On Thu, Jun 21, 2012 at 04:56:08PM +0530, Raghavendra K T wrote:
> Here are the results from kernbench.
> 
> PS: I think we have to only take that, both the patches perform better,
> than reading into actual numbers since I am seeing more variance in
> especially 3x. may be I can test with some more stable benchmark if
> somebody points
> 

Hi Raghu,

I wonder if we should back up and try to determine the best
benchmark/test environment first. I think kernbench is good, but
I wonder about how to simulate the overcommit, and to what degree
(1x, 3x, ??). What are you currently running to simulate overcommit
now? Originally we were running kernbench in one VM and cpu hogs
(bash infinite loops) in other VMs. Then we added vcpus and infinite
loops to get up to the desired overcommit. I saw later that you've
experimented with running kernbench in the other VMs as well, rather
than cpu hogs. Is that still the case?

I started playing with benchmarking these proposals myself, but so
far have stuck to the cpu hog, since I wanted to keep variability
limited.  However, when targeting a reasonable host loadavg with a
bunch of cpu hog vcpus, it limits the overcommit too much. I certainly
haven't tried 3x this way. So I'm inclined to throw out the cpu hog
approach as well. The question is, what to replace it with? It appears
that the performance of the PLE and pvticketlock proposals are quite
dependant on the level of overcommit, so we should choose a target
overcommit level and also a constraint on the host loadavg first,
then determine how to setup a test environment that fits it and yields
results with low variance.

Here are results from my 1.125x overcommit test environment using
cpu hogs.

kcbench (a.k.a kernbench) results; 'mean-time (stddev)'
  base-noPLE:           235.730 (25.932)
  base-PLE:             238.820 (11.199)
  rand_start-PLE:       283.193 (23.262)
  pvticketlocks-noPLE:  244.987 (7.562)
  pvticketlocks-PLE:    247.597 (17.200)

base kernel:          3.5.0-rc3 + Rik's new last_boosted patch
rand_start kernel:    3.5.0-rc3 + Raghu's proposed random start patch
pvticketlocks kernel: 3.5.0-rc3 + Rik's new last_boosted patch
                                + Raghu's pvticketlock series

The relative standard deviations are as high as 11%. So I'm not
real pleased with the results, and they show degradation everywhere.
Below are the details of the benchmarking.

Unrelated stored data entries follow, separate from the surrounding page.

Variables (W : lmodType k) (g : H -> W).
Hypothesis g_lin : klinear g.

Lemma klinear0 : g 0 = 0.
Proof.
have := g_lin 1 0 0; rewrite !scale1r addr0 => e.
by apply: (@addrI _ (g 0)); rewrite addr0 -e.
Qed.

Lemma klinearD x y : g (x + y) = g x + g y.
Proof. by rewrite -{1}[x]scale1r g_lin scale1r. Qed.

Lemma klinearZ a x : g (a *: x) = a *: g x.
Proof. by rewrite -[a *: x]addr0 g_lin klinear0 addr0. Qed.

Lemma klinearN x : g (- x) = - g x.
Proof. by rewrite -(scaleN1r x) klinearZ scaleN1r. Qed.

Lemma klinear_sum I (r : seq I) (F : I -> H) :
  g (\sum_(i <- r) F i) = \sum_(i <- r) g (F i).
Proof.
elim: r => [|i r IH]; first by rewrite !big_nil klinear0.
by rewrite !big_cons klinearD IH.
Qed.

End Multilinear.

Lemma klinear_sumf (k : fieldType) (H : algType k) (W : lmodType k) I
    (r : seq I) (G : I -> H -> W) :
  (forall i, klinear (G i)) -> klinear (fun x => \sum_(i <- r) G i x).
Proof.
move=> G_lin a x y; rewrite scaler_sumr -big_split /=.
by apply: eq_bigr => i _; rewrite G_lin.
Qed.

Section Tensors.
Variables (k : fieldType) (H : algType k) (W : lmodType k).

Lemma multilinear2_bilinear (h : H -> H -> W) : kbilinear h ->
  multilinear 2 (fun w : seq H => h (nth 0 w 0) (nth 0 w 1)).
Proof.
move=> [h1 h2] [|b [|c l]] r a x y //= Hs.
- by case: r Hs => [|d [|e r]] //= _; apply: h1.
- by case: r Hs => [|d r] //= _; apply: h2.
Qed.

Lemma multilinear3_trilinear (h : H -> H -> H -> W) : ktrilinear h ->
  multilinear 3 (fun w : seq H => h (nth 0 w 0) (nth 0 w 1) (nth 0 w 2)).
Proof.
move=> [h1 h2 h3] [|b [|c [|d l]]] r a x y //= Hs.
- by case: r Hs => [|e [|f [|g r]]] //= _; apply: h1.
- by case: r Hs => [|e [|f r]] //= _; apply: h2.
- by case: r Hs => [|e r] //= _; apply: h3.
Qed.

Lemma teq2_bilinear (s t : seq (H * H)) (h : H -> H -> W) :
  teq 2 (pairs2 s) (pairs2 t) -> kbilinear h ->
  \sum_(p <- s) h p.1 p.2 = \sum_(p <- t) h p.1 p.2.
Proof. by move=> st hb; have := st W _ (multilinear2_bilinear hb); rewrite !big_map. Qed.

Lemma multilinear_bilinear_head n (f : seq H -> W) r :
  multilinear n.+2 f -> size r = n -> kbilinear (fun x y => f [:: x, y & r]).
Proof.
move=> f_ml r_n; split=> z a x y.
- by apply: (f_ml [::] (z :: r)); rewrite /= r_n.
- by apply: (f_ml [:: z] r); rewrite /= r_n.
Qed.

End Tensors.

Section PostHopf.
Variables (k : fieldType) (H : algType k).
Variables (Delta : H -> seq (H * H)) (eps : H -> k) (tr : H -> H -> H).
Hypothesis hH : is_hopf Delta eps.
Hypothesis hT : is_right_post_hopf Delta eps tr.

Local Notation rho := (rho eps).
Local Notation rDelta := (rDelta Delta eps).
Local Notation rDelta_iter := (rDelta_iter Delta eps).
Local Notation rstep := (rstep Delta eps).

Lemma trlinear_l z : klinear (tr^~ z).
Proof. by move=> a x y; apply: (tr_linear_l hT). Qed.

Lemma trlinear_r x : klinear (tr x).
Proof. by move=> a y y'; apply: (tr_linear_r hT). Qed.

Lemma tr1_conv_idem w : tr 1 w = \sum_(p <- Delta w) tr 1 p.1 * tr 1 p.2.
Proof. by rewrite -(tr_mul hT) mulr1. Qed.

Everything is there except
the kernel config, but our benchmarking should be reproducible with
nearly random configs anyway.

Drew

= host =
  - Intel(R) Xeon(R) CPU X7560 @ 2.27GHz
  - 64 cpus, 4 nodes, 64G mem
  - Fedora 17 with test kernels (see tests)

= benchmark =
  - one cpu hog F17 VM
    - 64 vcpus, 8G mem
    - all vcpus run a bash infinite loop
    - kernel: 3.5.0-rc3
  - one kcbench (a.k.a kernbench) F17 VM
    - 8 vcpus, 8G mem
    - 'kcbench -d /mnt/ram', /mnt/ram is 1G ramfs
    - kcbench-0.3-8.1.noarch, kcbench-data-2.6.38-0.1-9.fc17.noarch,
      kcbench-data-0.1-9.fc17.noarch
    - gcc (GCC) 4.7.0 20120507 (Red Hat 4.7.0-5)
    - kernel: same test kernel as host

= test 1: base, PLE disabled (ple_gap=0) =
  - kernel: 3.5.0-rc3 + Rik's last_boosted patch

Run 1 (-j 16):      4211 (e:237.43 P:637% U:697.98 S:815.46 F:0)
Run 2 (-j 16):      3834 (e:260.77 P:631% U:729.69 S:917.56 F:0)
Run 3 (-j 16):      4784 (e:208.99 P:644% U:638.17 S:708.63 F:0)

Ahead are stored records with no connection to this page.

Lemma J_plus_sym_colon_ideal d f : J_plus_sym (colon_gen n.+1 d) f <-> colon_ideal n.+1 d f.
Proof.
split; apply: gen_ideal_mono => g [Jg|orb]; [by left| right| by left| right].
  by case: orb => s ->; exists s => //; apply: perm_on_below_full.
by case: orb => s _ ->; exists s.
Qed.

End ColonIdeal.

End Squares.

Theorem mainTheorem6 (k : fieldType) (n d : nat) :
  [pchar k] =i pred0 ->
  (0 < d)%N -> (d <= n)%N ->
  (forall f : {mpoly k[n]},
     colon (@J k n) (ell k n ^+ d) f <->
     J_plus_sym
       (if odd (n + d) then pair_prod k n ((n - d + 1) %/ 2)
        else var k n (n - d) * pair_prod k n ((n - d) %/ 2)) f).
Proof.
case: n => [|n] char0 d0 ledn; first by have := leq_trans d0 ledn.
rewrite -/(colon_gen k n.+1 d).
have -> : ell k n.+1 = ell_lt k n n.+1.
  by rewrite ell_lt_ord //; apply: eq_bigl => i; rewrite ltn_ord.
move=> f; rewrite /colon mulrC J_plus_sym_colon_ideal; split.
  by apply: colon_J_sub_le; rewrite ?d0.
by apply: J_ell_lt_exp_colon_ideal; rewrite ?d0.
Qed.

mean: 235.730 stddev: 25.932

= test 2: base, PLE enabled =
  - kernel: 3.5.0-rc3 + Rik's last_boosted patch

Run 1 (-j 16):      4335 (e:230.67 P:639% U:657.74 S:818.28 F:0)
Run 2 (-j 16):      4269 (e:234.20 P:647% U:743.43 S:772.52 F:0)
Run 3 (-j 16):      3974 (e:251.59 P:639% U:724.29 S:884.21 F:0)

mean: 238.820 stddev: 11.199

= test 3: rand_start, PLE enabled =
  - kernel: 3.5.0-rc3 + Raghu's random start patch

Run 1 (-j 16):      3898 (e:256.52 P:639% U:756.14 S:884.63 F:0)
Run 2 (-j 16):      3341 (e:299.27 P:633% U:857.49 S:1039.62 F:0)
Run 3 (-j 16):      3403 (e:293.79 P:635% U:857.21 S:1008.83 F:0)

mean: 283.193 stddev: 23.262

= test 4: pvticketlocks, PLE disabled (ple_gap=0) =
  - kernel: 3.5.0-rc3 + Rik's last_boosted patch + Raghu's pvticketlock series
                      + PARAVIRT_SPINLOCKS=y config change

Run 1 (-j 16):      3963 (e:252.29 P:647% U:736.43 S:897.16 F:0)
Run 2 (-j 16):      4216 (e:237.19 P:650% U:706.68 S:837.42 F:0)
Run 3 (-j 16):      4073 (e:245.48 P:649% U:709.46 S:884.68 F:0)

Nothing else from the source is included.